**What the task asks**
Starting at the line that contains "have N_gt0 : 0", repeat each line exactly until the records end, keeping both the first and the last.

Saved data entries
Content starts
(* Let $f=\frac1n\sum_{i=1}^n f_i$ where each $f_i:\mathbb{R}^d\to\mathbb{R}$ is $L$-smooth, and assume moreover that either each $f_i$ is $\mu$-strongly convex for some $\mu>0$, or $\inf_x f(x)>-\infty$. Let the stepsize satisfy $\gamma\le\frac1{L(n+1)}$. Then the iterates of No Full Grad SARAH (described in the context) satisfy, for every epoch $s$, $$f(x_{s+1}^0)\le f(x_s^0)-\frac{\gamma(n+1)}{2}\|\nabla f(x_s^0)\|^2+\frac{\gamma(n+1)}{2}\Big\|\nabla f(x_s^0)-\frac1{n+1}\sum_{t=0}^{n}v_s^t\Big\|^2.$$
   Context: No Full Grad SARAH: input $x_0^0\in\mathbb{R}^d$, $v_0=0$, stepsize $\gamma>0$. For epochs $s=0,1,\dots$: choose a permutation $\pi_s^1,\dots,\pi_s^n$ of $\{1,\dots,n\}$ (by any shuffling rule); set $\tilde v_s^1=0$, $v_s^0=v_s$, $x_s^1=x_s^0-\gamma v_s^0$; for $t=1,\dots,n$ set $\tilde v_s^{t+1}=\frac{t-1}{t}\tilde v_s^t+\frac1t\nabla f_{\pi_s^t}(x_s^t)$, $v_s^t=\frac1n\big(\nabla f_{\pi_s^t}(x_s^t)-\nabla f_{\pi_s^t}(x_s^{t-1})\big)+v_s^{t-1}$, $x_s^{t+1}=x_s^t-\gamma v_s^t$; then $x_{s+1}^0=x_s^{n+1}$, $v_{s+1}=\tilde v_s^{n+1}$. *)

From HB Require Import structures.
From mathcomp Require Import all_boot all_order all_algebra all_fingroup.
From mathcomp Require Import all_classical all_reals all_analysis.
Set Implicit Arguments. Unset Strict Implicit. Unset Printing Implicit Defensive.
Import Order.TTheory GRing.Theory Num.Theory.
Import numFieldNormedType.Exports.
Local Open Scope ring_scope.

Section NFGS.
Context {R : realType} {d : nat}.
Local Notation vec := 'rV[R]_d.

Definition dotv (u v : vec) : R := (u *m v^T) 0 0.
Definition norm2 (u : vec) : R := Num.sqrt (dotv u u).

Definition grad (f : vec -> R) (x : vec) : vec :=
  \row_j ('d f x (delta_mx 0 j : vec)).

Definition L_smooth (L : R) (f : vec -> R) : Prop :=
  (forall x, differentiable f x) /\
  (forall x y, norm2 (grad f x - grad f y) <= L * norm2 (x - y)).

Definition strongly_convex (mu : R) (f : vec -> R) : Prop :=
  forall x y, f x + dotv (grad f x) (y - x) + mu / 2 * norm2 (y - x) ^+ 2 <= f y.

Definition avgf (n : nat) (fs : 'I_n -> vec -> R) (x : vec) : R :=
  n%:R^-1 * \sum_(i < n) fs i x.

(* gradient of f_{pi^{t'+1}} at x, where the permutation is applied to
   the 0-based position t' (t' < n in all uses). *)
Definition grad_pos (n : nat) (fs : 'I_n -> vec -> R) (p : {perm 'I_n})
    (t' : nat) (x : vec) : vec :=
  match (insub t' : option 'I_n) with
  | Some i => grad (fs (p i)) x
  | None => 0
  end.

(* Inner loop of one epoch, started from x_s^0 = x0 and v_s = vs.
   inner t = (x_s^t, x_s^{t+1}, v_s^t, tilde v_s^{t+1})  for 0 <= t <= n. *)
Fixpoint inner (n : nat) (fs : 'I_n -> vec -> R) (gamma : R)
    (p : {perm 'I_n}) (x0 vs : vec) (t : nat) : vec * vec * vec * vec :=
  match t with
  | 0 => (x0, x0 - gamma *: vs, vs, 0)
  | t'.+1 =>
      let '(xp, xc, v, tv) := inner fs gamma p x0 vs t' in
      (* current index t = t'.+1 ; xp = x^{t-1}, xc = x^t, v = v^{t-1}, tv = tilde v^t *)
      let tv' := ((t'%:R) / (t'.+1)%:R) *: tv
                 + (t'.+1)%:R^-1 *: grad_pos fs p t' xc in
      let v' := n%:R^-1 *: (grad_pos fs p t' xc - grad_pos fs p t' xp) + v in
      (xc, xc - gamma *: v', v', tv')
  end.

Definition inner_x (n : nat) fs gamma p x0 vs t : vec :=
  (@inner n fs gamma p x0 vs t).1.1.1.
Definition inner_v (n : nat) fs gamma p x0 vs t : vec :=
  (@inner n fs gamma p x0 vs t).1.2.

(* Outer loop: outer s = (x_s^0, v_s), with v_0 = 0,
   x_{s+1}^0 = x_s^{n+1}, v_{s+1} = tilde v_s^{n+1}. *)
Fixpoint outer (n : nat) (fs : 'I_n -> vec -> R) (gamma : R)
    (pi : nat -> {perm 'I_n}) (x00 : vec) (s : nat) : vec * vec :=
  match s with
  | 0 => (x00, 0)
  | s'.+1 =>
      let '(x, vs) := outer fs gamma pi x00 s' in
      let '(_, xn1, _, tvn1) := inner fs gamma (pi s') x vs n in
      (xn1, tvn1)
  end.

Definition nfg_x0 (n : nat) fs gamma pi x00 s : vec :=
  (@outer n fs gamma pi x00 s).1.
Definition nfg_v (n : nat) fs gamma pi x00 s t : vec :=
  let '(x, vs) := @outer n fs gamma pi x00 s in inner_v fs gamma (pi s) x vs t.

End NFGS.

From HB Require Import structures.
From mathcomp Require Import all_boot all_order all_algebra all_fingroup.
From mathcomp Require Import all_classical all_reals all_analysis.
From mathcomp Require Import ring lra.
Import Order.TTheory GRing.Theory Num.Theory.
Import numFieldNormedType.Exports.
Local Open Scope ring_scope.

(* An epoch moves x = x_s^0 to x - gamma (v_s^0 + ... + v_s^n) = x - gamma (n+1) m,
   where m is the mean of the v_s^t.  The descent lemma for the L-smooth
   average f gives
     f(x_{s+1}^0) <= f(x) - gamma (n+1) <grad f(x), m> + L gamma^2 (n+1)^2 / 2 |m|^2,
   and the polarization -2 <g, m> = |g - m|^2 - |g|^2 - |m|^2 turns this into
   the claim up to the term (L gamma (n+1) - 1) gamma (n+1) / 2 |m|^2, which the
   stepsize condition makes nonpositive. *)

Section Euclidean.
Set Implicit Arguments.
Context {R : realType} {d : nat}.
Local Notation vec := 'rV[R]_d.

Lemma dotvE (u v : vec) : dotv u v = \sum_j u 0 j * v 0 j.
Proof. by rewrite /dotv !mxE; apply: eq_bigr => j _; rewrite mxE. Qed.

Lemma dotvC (u v : vec) : dotv u v = dotv v u.
Proof. by rewrite !dotvE; apply: eq_bigr => j _; rewrite mulrC. Qed.

Lemma dotvDl (u v w : vec) : dotv (u + v) w = dotv u w + dotv v w.
Proof. by rewrite !dotvE -big_split; apply: eq_bigr => j _; rewrite mxE mulrDl. Qed.

Lemma dotvZl (k : R) (u w : vec) : dotv (k *: u) w = k * dotv u w.
Proof. by rewrite !dotvE mulr_sumr; apply: eq_bigr => j _; rewrite mxE mulrA. Qed.

Lemma dotvBl (u v w : vec) : dotv (u - v) w = dotv u w - dotv v w.
Proof. by rewrite dotvDl -scaleN1r dotvZl mulN1r. Qed.

Lemma dotvDr (u v w : vec) : dotv w (u + v) = dotv w u + dotv w v.
Proof. by rewrite !(dotvC w) dotvDl. Qed.

Lemma dotvZr (k : R) (u w : vec) : dotv w (k *: u) = k * dotv w u.
Proof. by rewrite !(dotvC w) dotvZl. Qed.

Lemma dotvBr (u v w : vec) : dotv w (u - v) = dotv w u - dotv w v.
Proof. by rewrite !(dotvC w) dotvBl. Qed.

Lemma dotv0l (w : vec) : dotv 0 w = 0.
Proof. by rewrite dotvE big1 // => j _; rewrite mxE mul0r. Qed.

Lemma dotvv_ge0 (u : vec) : 0 <= dotv u u.
Proof. by rewrite dotvE sumr_ge0 // => j _; rewrite -expr2 sqr_ge0. Qed.

Lemma dotvv_eq0 (w : vec) : dotv w w = 0 -> w = 0.
Proof.
rewrite dotvE => /eqP; rewrite psumr_eq0 => [/allP w0|j _]; last first.
  by rewrite -expr2 sqr_ge0.
apply/rowP => j; rewrite mxE.
by have := w0 j (mem_index_enum j); rewrite -expr2 sqrf_eq0 => /eqP.
Qed.

Lemma dotv_sqr_le (u w : vec) : dotv u w ^+ 2 <= dotv u u * dotv w w.
Proof.
have [/dotvv_eq0 ->|w_neq0] := eqVneq (dotv w w) 0.
  by rewrite dotvC !dotv0l expr0n mulr0.
have w_gt0 : 0 < dotv w w by rewrite lt0r w_neq0 dotvv_ge0.
(* |C u - B w|^2 = C (A C - B^2) with A = <u,u>, B = <u,w>, C = <w,w> *)
have := dotvv_ge0 (dotv w w *: u - dotv u w *: w).
rewrite !(dotvBl, dotvBr, dotvZl, dotvZr) (dotvC w u); nra.
Qed.

Lemma norm2_ge0 (u : vec) : 0 <= norm2 u.
Proof. exact: sqrtr_ge0. Qed.

Lemma norm2_sqr (u : vec) : norm2 u ^+ 2 = dotv u u.
Proof. by rewrite /norm2 sqr_sqrtr // dotvv_ge0. Qed.

Lemma norm2_0 : norm2 (0 : vec) = 0.
Proof. by rewrite /norm2 dotv0l sqrtr0. Qed.

Lemma norm2Z (k : R) (u : vec) : norm2 (k *: u) = `|k| * norm2 u.
Proof.
by rewrite /norm2 dotvZl dotvZr mulrA -expr2 sqrtrM ?sqr_ge0 // sqrtr_sqr.
Qed.

Lemma dotv_le_norm2 (u w : vec) : dotv u w <= norm2 u * norm2 w.
Proof.
apply: le_trans (ler_norm _) _.
rewrite /norm2 -sqrtrM ?dotvv_ge0 // -sqrtr_sqr ler_sqrt ?dotv_sqr_le //.
by rewrite mulr_ge0 ?dotvv_ge0.
Qed.

Lemma ler_norm2D (u v : vec) : norm2 (u + v) <= norm2 u + norm2 v.
Proof.
have uv_ge0 : 0 <= norm2 u + norm2 v by rewrite addr_ge0 ?norm2_ge0.
rewrite {1}/norm2 -(ger0_norm uv_ge0) -sqrtr_sqr ler_sqrt ?sqr_ge0 //.
rewrite !(dotvDl, dotvDr) (dotvC v u) sqrrD -!norm2_sqr.
have := dotv_le_norm2 u v; lra.
Qed.

Lemma ler_norm2_sum n (F : 'I_n -> vec) :
  norm2 (\sum_(i < n) F i) <= \sum_(i < n) norm2 (F i).
Proof.
elim/big_ind2: _ => [|a b c e ab ce|//]; first by rewrite norm2_0.
exact: le_trans (ler_norm2D _ _) (lerD ab ce).
Qed.

End Euclidean.

Section Smooth.
Set Implicit Arguments.
Context {R : realType} {d : nat}.
Local Notation vec := 'rV[R]_d.
Local Open Scope classical_set_scope.

Lemma diff_gradE (f : vec -> R) x v : 'd f x v = dotv (grad f x) v.
Proof.
rewrite {1}(row_sum_delta v) linear_sum dotvC dotvE.
by apply: eq_bigr => j _; rewrite linearZ /= /grad mxE.
Qed.

Lemma avgfE n (fs : 'I_n -> vec -> R) : avgf fs = n%:R^-1 *: \sum_(i < n) fs i.
Proof. by apply: funext => y; rewrite /avgf /= fct_sumE. Qed.

Lemma grad_avgf n (fs : 'I_n -> vec -> R) x :
  (forall i, differentiable (fs i) x) ->
  grad (avgf fs) x = n%:R^-1 *: \sum_(i < n) grad (fs i) x.
Proof.
move=> dfs; have dsum := differentiable_sum dfs.
apply/rowP => j; rewrite /grad avgfE !mxE diffZ //= -deriveE //.
rewrite derive_sum => [|i]; last exact: diff_derivable.
rewrite summxE; congr (_ * _); apply: eq_bigr => i _.
by rewrite mxE deriveE.
Qed.

Lemma avgf_L_smooth n (fs : 'I_n -> vec -> R) L : (0 < n)%N ->
  (forall i, L_smooth L (fs i)) -> L_smooth L (avgf fs).
Proof.
move=> n_gt0 fs_smooth.
have dfs i x : differentiable (fs i) x by case: (fs_smooth i).
split=> [x|x y].
  by rewrite avgfE; apply: differentiableZ; exact: differentiable_sum.
have n_gt0' : 0 < n%:R :> R by rewrite ltr0n.
rewrite !grad_avgf // -scalerBr -sumrB norm2Z gtr0_norm ?invr_gt0 //.
rewrite ler_pdivrMl // mulr_natl -[n in _ *+ n]card_ord -sumr_const.
apply: le_trans (ler_norm2_sum _) (ler_sum _ _) => i _.
by case: (fs_smooth i) => _ ->.
Qed.

Lemma is_derive_line (f : vec -> R) x w t :
  differentiable f (t *: w + x) ->
  is_derive t 1 (fun s : R => f (s *: w + x)) ('d f (t *: w + x) w).
Proof.
move=> df.
have quotE : (fun h : R => h^-1 *: (((fun s : R => f (s *: w + x)) \o shift t)
                  (h *: 1) - f (t *: w + x))) =
             (fun h : R => h^-1 *: ((f \o shift (t *: w + x)) (h *: w)
                  - f (t *: w + x))).
  by apply: funext => h; rewrite /= [h%:A]mulr1 scalerDl addrA.
apply: DeriveDef; first by rewrite /derivable quotE; exact: diff_derivable.
by rewrite -deriveE // /derive quotE.
Qed.

Lemma diff_line_le (f : vec -> R) L x w t : L_smooth L f -> 0 <= t ->
  'd f (t *: w + x) w <= dotv (grad f x) w + L * t * dotv w w.
Proof.
move=> [_ grad_lip] t_ge0.
rewrite diff_gradE -lerBlDl -dotvBl -norm2_sqr.
apply: le_trans (dotv_le_norm2 _ _) _.
have := grad_lip (t *: w + x) x; rewrite addrK norm2Z ger0_norm // => lip.
by rewrite expr2 !mulrA ler_wpM2r ?norm2_ge0 // -mulrA.
Qed.

Lemma L_smooth_descent (f : vec -> R) L x w : L_smooth L f ->
  f (w + x) <= f x + dotv (grad f x) w + L / 2 * dotv w w.
Proof.
move=> f_smooth; have [df _] := f_smooth.
set B := dotv (grad f x) w; set K := L / 2 * dotv w w.
(* h is nonincreasing on [0, 1], so h 1 <= h 0 is the claim *)
pose h : R -> R := (fun s => f (s *: w + x)) - B *: id - K *: (id ^+ 2).
have h_der (t : R) : is_derive t 1 h
    ('d f (t *: w + x) w - B *: 1 - K *: ((2%:R * t ^+ 1) *: 1)).
  have := is_derive_line (df (t *: w + x)).
  by rewrite /h => ?; apply: is_deriveB; apply: is_deriveZ.
have h_dvb (t : R) : derivable h t 1 by case: (h_der t).
have h_der_le0 t : t \in `]0, 1[%R -> derive1 h t <= 0.
  move=> t01; rewrite derive1E derive_val subr_le0 [B%:A]mulr1.
  rewrite [(_ * _)%:A]mulr1 expr1 lerBlDl.
  apply: le_trans (diff_line_le x w t f_smooth _) _; first by rewrite ltW ?(itvP t01).
  by rewrite -/B; change (K *: (2 * t)) with (K * (2 * t)); rewrite /K; lra.
have h_cont : {within `[0, 1], continuous h}.
  by apply: derivable_within_continuous => t _; exact: h_dvb.
have := @ler0_derive1_le_cc R h 0 1 (fun t _ => h_dvb t) h_der_le0 h_cont 1 0.
rewrite !in_itv /= !lexx ler01 => /(_ isT isT isT).
rewrite /h /= !fctE scale0r scale1r add0r expr1n expr0n /= !scaler0.
rewrite [B%:A]mulr1 [K%:A]mulr1 !subr0; lra.
Qed.

Lemma L_smooth_step_le (f : vec -> R) L gamma N x S :
  L_smooth L f -> 0 <= gamma -> 0 < N -> L * N * gamma <= 1 ->
  f (x - gamma *: S) <= f x - gamma * N / 2 * norm2 (grad f x) ^+ 2
                        + gamma * N / 2 * norm2 (grad f x - N^-1 *: S) ^+ 2.
Proof.
move=> f_smooth gamma_ge0 N_gt0 step_le.
rewrite addrC -scaleNr; apply: le_trans (L_smooth_descent _ _ f_smooth) _.
rewrite !norm2_sqr !(dotvBl, dotvBr, dotvZl, dotvZr) (dotvC S).
set G := dotv (grad f x) (grad f x); set B := dotv (grad f x) S; set C := dotv S S.
have C_ge0 : 0 <= C by exact: dotvv_ge0.
rewrite -subr_ge0.
have -> : f x - gamma * N / 2 * G + gamma * N / 2 * (G - N^-1 * B
            - (N^-1 * B - N^-1 * (N^-1 * C)))
          - (f x + - gamma * B + L / 2 * (- gamma * (- gamma * C)))
          = gamma * C / (2 * N) * (1 - L * N * gamma).
  by field; rewrite gt_eqF.
by rewrite mulr_ge0 ?subr_ge0 // divr_ge0 ?mulr_ge0 // ltW.
Qed.

End Smooth.

Section Iterates.
Context {R : realType} {d n : nat}.
Variables (fs : 'I_n -> 'rV[R]_d -> R) (gamma : R).

Lemma inner_next_x p x0 vs t :
  (inner fs gamma p x0 vs t).1.1.2 =
  x0 - gamma *: \sum_(k < t.+1) inner_v fs gamma p x0 vs k.
Proof.
elim: t => [|t IH]; first by rewrite big_ord1.
have -> : (inner fs gamma p x0 vs t.+1).1.1.2 =
          (inner fs gamma p x0 vs t).1.1.2 - gamma *: inner_v fs gamma p x0 vs t.+1.
  by rewrite /inner_v /=; case: (inner fs gamma p x0 vs t) => [[[]]].
by rewrite IH [in RHS]big_ord_recr scalerDr opprD addrA.
Qed.

Lemma nfg_x0S pi x00 s :
  nfg_x0 fs gamma pi x00 s.+1 =
  nfg_x0 fs gamma pi x00 s - gamma *: \sum_(t < n.+1) nfg_v fs gamma pi x00 s t.
Proof.
rewrite /nfg_x0 /nfg_v /=; case: (outer fs gamma pi x00 s) => x vs /=.
have := inner_next_x (pi s) x vs n.
by case: (inner fs gamma (pi s) x vs n) => [[[]]].
Qed.

End Iterates.

Theorem lemma8 (R : realType) (d n : nat) (fs : 'I_n -> 'rV[R]_d -> R)
  (L gamma : R) (pi : nat -> {perm 'I_n}) (x00 : 'rV[R]_d) :
  (0 < n)%N -> 0 < L ->
  (forall i, L_smooth L (fs i)) ->
  ((exists mu : R, 0 < mu /\ forall i, strongly_convex mu (fs i)) \/
   (exists m : R, forall x, m <= avgf fs x)) ->
  0 < gamma -> gamma <= (L * (n.+1)%:R)^-1 ->
  forall s : nat,
    let f := avgf fs in
    let xs := nfg_x0 fs gamma pi x00 s in
    f (nfg_x0 fs gamma pi x00 s.+1)
      <= f xs - gamma * (n.+1)%:R / 2 * norm2 (grad f xs) ^+ 2
         + gamma * (n.+1)%:R / 2 *
           norm2 (grad f xs - (n.+1)%:R^-1 *: \sum_(t < n.+1) nfg_v fs gamma pi x00 s t) ^+ 2.
Proof.
(* The alternative (strong convexity or a lower bound on f) only matters for
   the convergence results built on this inequality, not for one epoch. *)
move=> n_gt0 L_gt0 fs_smooth _ gamma_gt0 gamma_le s /=.
have N_gt0 : 0 < (n.+1)%:R :> R by rewrite ltr0n.
have step_le : L * (n.+1)%:R * gamma <= 1.
  by rewrite mulrC -ler_pdivlMr ?mulr_gt0 // mul1r.
rewrite nfg_x0S; apply: L_smooth_step_le (ltW gamma_gt0) N_gt0 step_le.
exact: avgf_L_smooth.
Qed.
Content ends
**Expected answer**
have N_gt0 : 0 < (n.+1)%:R :> R by rewrite ltr0n.
have step_le : L * (n.+1)%:R * gamma <= 1.
  by rewrite mulrC -ler_pdivlMr ?mulr_gt0 // mul1r.
rewrite nfg_x0S; apply: L_smooth_step_le (ltW gamma_gt0) N_gt0 step_le.
exact: avgf_L_smooth.
Qed.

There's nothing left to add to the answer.